## TASK OBJECTIVE
In the records below, find the line that contains "Proof. apply Rsmooth_exp_scal. Qed.", then write out that line and each one after it exactly, up to and including the last.

Collected data:
Definition P j := reP (p j).
Definition exp_l0 x := exp (l0 * x).
Definition xexp_l0 x := x * exp (l0 * x).
Definition damp (H : R -> R) x := H x * exp (- l0 * x).
(* [Dl0sq] is (d/dx - l0)^2; [realE H] holds for the real parts of elements of
   E_(l0,l0,F), and it is all that is used about them. *)
Definition Dl0sq (H : R -> R) x :=
  Derive (Derive H) x - 2 * l0 * Derive H x + l0 * l0 * H x.
Definition inF (phi : R -> R) := inE F (fun x => RtoC (phi x)).
Definition realE (H : R -> R) := Rsmooth H /\ inF (Dl0sq H).

Lemma exp_l0_cancel x : exp (l0 * x) * exp (- l0 * x) = 1.
Proof. rewrite <- exp_plus. replace (l0 * x + - l0 * x) with 0 by ring. apply exp_0. Qed.

Lemma Rsmooth_exp_l0 : Rsmooth exp_l0.
Proof. apply Rsmooth_exp_scal. Qed.

Lemma Rsmooth_xexp_l0 : Rsmooth xexp_l0.
Proof. apply (Rsmooth_mult (fun x => x) exp_l0 Rsmooth_id Rsmooth_exp_l0). Qed.

Lemma Rsmooth_damp H : Rsmooth H -> Rsmooth (damp H).
Proof. intros HH. apply (Rsmooth_mult H); [exact HH|apply Rsmooth_exp_scal]. Qed.

Lemma damp_zero_atleast H c m : Rsmooth H -> Rzero_atleast H c m ->
  Rzero_atleast (damp H) c m /\ Derive_n (damp H) m c = Derive_n H m c * exp (- l0 * c).
Proof. intros SH ZH. exact (Rzero_atleast_mult m H _ c SH (Rsmooth_exp_scal (- l0)) ZH). Qed.

Lemma damp_exp_l0 x : damp exp_l0 x = 1.
Proof. apply exp_l0_cancel. Qed.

## COMPLETED TASK
Proof. apply Rsmooth_exp_scal. Qed.

Lemma Rsmooth_xexp_l0 : Rsmooth xexp_l0.
Proof. apply (Rsmooth_mult (fun x => x) exp_l0 Rsmooth_id Rsmooth_exp_l0). Qed.

Lemma Rsmooth_damp H : Rsmooth H -> Rsmooth (damp H).
Proof. intros HH. apply (Rsmooth_mult H); [exact HH|apply Rsmooth_exp_scal]. Qed.

Lemma damp_zero_atleast H c m : Rsmooth H -> Rzero_atleast H c m ->
  Rzero_atleast (damp H) c m /\ Derive_n (damp H) m c = Derive_n H m c * exp (- l0 * c).
Proof. intros SH ZH. exact (Rzero_atleast_mult m H _ c SH (Rsmooth_exp_scal (- l0)) ZH). Qed.

Lemma damp_exp_l0 x : damp exp_l0 x = 1.
Proof. apply exp_l0_cancel. Qed.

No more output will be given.